Lemma shortcut_inj u v : shortcut u -> shortcut v -> fixset u = fixset v -> u = v.
Proof.
move=> hu hv hf; apply/permP => z.
case: (eqVneq (u z) z) => [e|ne].
  have : z \in fixset v by rewrite -hf in_fixset e.
  by rewrite in_fixset e => /eqP ->.
have ne' : v z != z by rewrite -in_fixset -hf in_fixset.
have [m1 [h1 e1 f1]] := hu z ne; have [m2 [h2 e2 f2]] := hv z ne'.
case: (ltngtP m1 m2) => h; last by rewrite e1 e2 h.
- have : u z \in fixset u by rewrite hf in_fixset e1 f2 ?h1.
  by rewrite in_fixset (inj_eq perm_inj) (negbTE ne).
- have : v z \in fixset v by rewrite -hf in_fixset e2 f1 ?h2.
  by rewrite in_fixset (inj_eq perm_inj) (negbTE ne').
Qed.

Lemma excise_up_to (hn : 0 < n) m : forall y (C : {set 'I_n.+1}),
  one_crossing y -> shortcut y -> fixset y \subset C -> C \subset interior n ->
  #|C :\: fixset y| = m ->
  exists y', [/\ bruhat y y', one_crossing y', shortcut y' & fixset y' = C].
Proof.
elim: m => [|m IH] y C hy hq hs hC hm.
  move/eqP: hm; rewrite cards_eq0 setD_eq0 => hs'.
  by exists y; split => //; [exact: rt_refl | apply/eqP; rewrite eqEsubset hs hs'].
have : 0 < #|C :\: fixset y| by rewrite hm.
rewrite card_gt0 => /set0Pn [k]; rewrite inE in_fixset => /andP [hyk hkC].
have hk : 0 < (k : nat) < n by rewrite -in_interior; apply: (subsetP hC).
have [hl hy'] := excise_one_crossing hy hk hyk.
have hF := fixset_excise hy hk hyk.
have hs' : fixset (excise y k) \subset C by rewrite hF subUset sub1set hkC hs.
have hm' : #|C :\: fixset (excise y k)| = m.
  move: hm; rewrite hF (cardsD1 k (C :\: fixset y)) inE in_fixset hyk hkC add1n => -[<-].
  apply: eq_card => z; rewrite !inE.
  by case: (z == k); case: (y z == z); case: (z \in C).
have [y' [hb hy'' hq' hf']] := IH _ _ hy' (shortcut_excise hq hyk) hs' hC hm'.
exists y'; split => //.
by apply: rt_trans hb; apply: rt_step; apply: excise_bruhat_step.
Qed.

End Shortcuts.

(* Every element of the interval shortcuts x: induct along a chain of
   excisions from x. *)
Lemma shortcut_interval n (n_gt0 : 0 < n) (pi : 'S_n) (y : 'S_n.+1) :
  in_interval pi y -> shortcut (coxeter_elt pi) y.
Proof.
move=> [h1 h2]; move: h2; have := clos_rt_rtn1 _ _ _ _ h1.
elim=> [|y' z hs hyz IH] hzw; first exact: shortcut_refl.
have hxy : bruhat (coxeter_elt pi) y' by apply: clos_rtn1_rt.
have hyw : bruhat y' (wtrans n) by apply: rt_trans hzw; apply: rt_step.
have hz : in_interval pi z by split => //; apply: rt_trans hxy (rt_step _ _ _ _ hs).
have [k [hk hyk ->]] := interval_step_excise n_gt0 (conj hxy hyw) hz hs.
exact: shortcut_excise (IH hyw) hyk.
Qed.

EXERCISE AIM:
Give the whole listing again, character for character.

ANSWER SECTION:
Lemma shortcut_inj u v : shortcut u -> shortcut v -> fixset u = fixset v -> u = v.
Proof.
move=> hu hv hf; apply/permP => z.
case: (eqVneq (u z) z) => [e|ne].
  have : z \in fixset v by rewrite -hf in_fixset e.
  by rewrite in_fixset e => /eqP ->.
have ne' : v z != z by rewrite -in_fixset -hf in_fixset.
have [m1 [h1 e1 f1]] := hu z ne; have [m2 [h2 e2 f2]] := hv z ne'.
case: (ltngtP m1 m2) => h; last by rewrite e1 e2 h.
- have : u z \in fixset u by rewrite hf in_fixset e1 f2 ?h1.
  by rewrite in_fixset (inj_eq perm_inj) (negbTE ne).
- have : v z \in fixset v by rewrite -hf in_fixset e2 f1 ?h2.
  by rewrite in_fixset (inj_eq perm_inj) (negbTE ne').
Qed.

Lemma excise_up_to (hn : 0 < n) m : forall y (C : {set 'I_n.+1}),
  one_crossing y -> shortcut y -> fixset y \subset C -> C \subset interior n ->
  #|C :\: fixset y| = m ->
  exists y', [/\ bruhat y y', one_crossing y', shortcut y' & fixset y' = C].
Proof.
elim: m => [|m IH] y C hy hq hs hC hm.
  move/eqP: hm; rewrite cards_eq0 setD_eq0 => hs'.
  by exists y; split => //; [exact: rt_refl | apply/eqP; rewrite eqEsubset hs hs'].
have : 0 < #|C :\: fixset y| by rewrite hm.
rewrite card_gt0 => /set0Pn [k]; rewrite inE in_fixset => /andP [hyk hkC].
have hk : 0 < (k : nat) < n by rewrite -in_interior; apply: (subsetP hC).
have [hl hy'] := excise_one_crossing hy hk hyk.
have hF := fixset_excise hy hk hyk.
have hs' : fixset (excise y k) \subset C by rewrite hF subUset sub1set hkC hs.
have hm' : #|C :\: fixset (excise y k)| = m.
  move: hm; rewrite hF (cardsD1 k (C :\: fixset y)) inE in_fixset hyk hkC add1n => -[<-].
  apply: eq_card => z; rewrite !inE.
  by case: (z == k); case: (y z == z); case: (z \in C).
have [y' [hb hy'' hq' hf']] := IH _ _ hy' (shortcut_excise hq hyk) hs' hC hm'.
exists y'; split => //.
by apply: rt_trans hb; apply: rt_step; apply: excise_bruhat_step.
Qed.

End Shortcuts.

(* Every element of the interval shortcuts x: induct along a chain of
   excisions from x. *)
Lemma shortcut_interval n (n_gt0 : 0 < n) (pi : 'S_n) (y : 'S_n.+1) :
  in_interval pi y -> shortcut (coxeter_elt pi) y.
Proof.
move=> [h1 h2]; move: h2; have := clos_rt_rtn1 _ _ _ _ h1.
elim=> [|y' z hs hyz IH] hzw; first exact: shortcut_refl.
have hxy : bruhat (coxeter_elt pi) y' by apply: clos_rtn1_rt.
have hyw : bruhat y' (wtrans n) by apply: rt_trans hzw; apply: rt_step.
have hz : in_interval pi z by split => //; apply: rt_trans hxy (rt_step _ _ _ _ hs).
have [k [hk hyk ->]] := interval_step_excise n_gt0 (conj hxy hyw) hz hs.
exact: shortcut_excise (IH hyw) hyk.
Qed.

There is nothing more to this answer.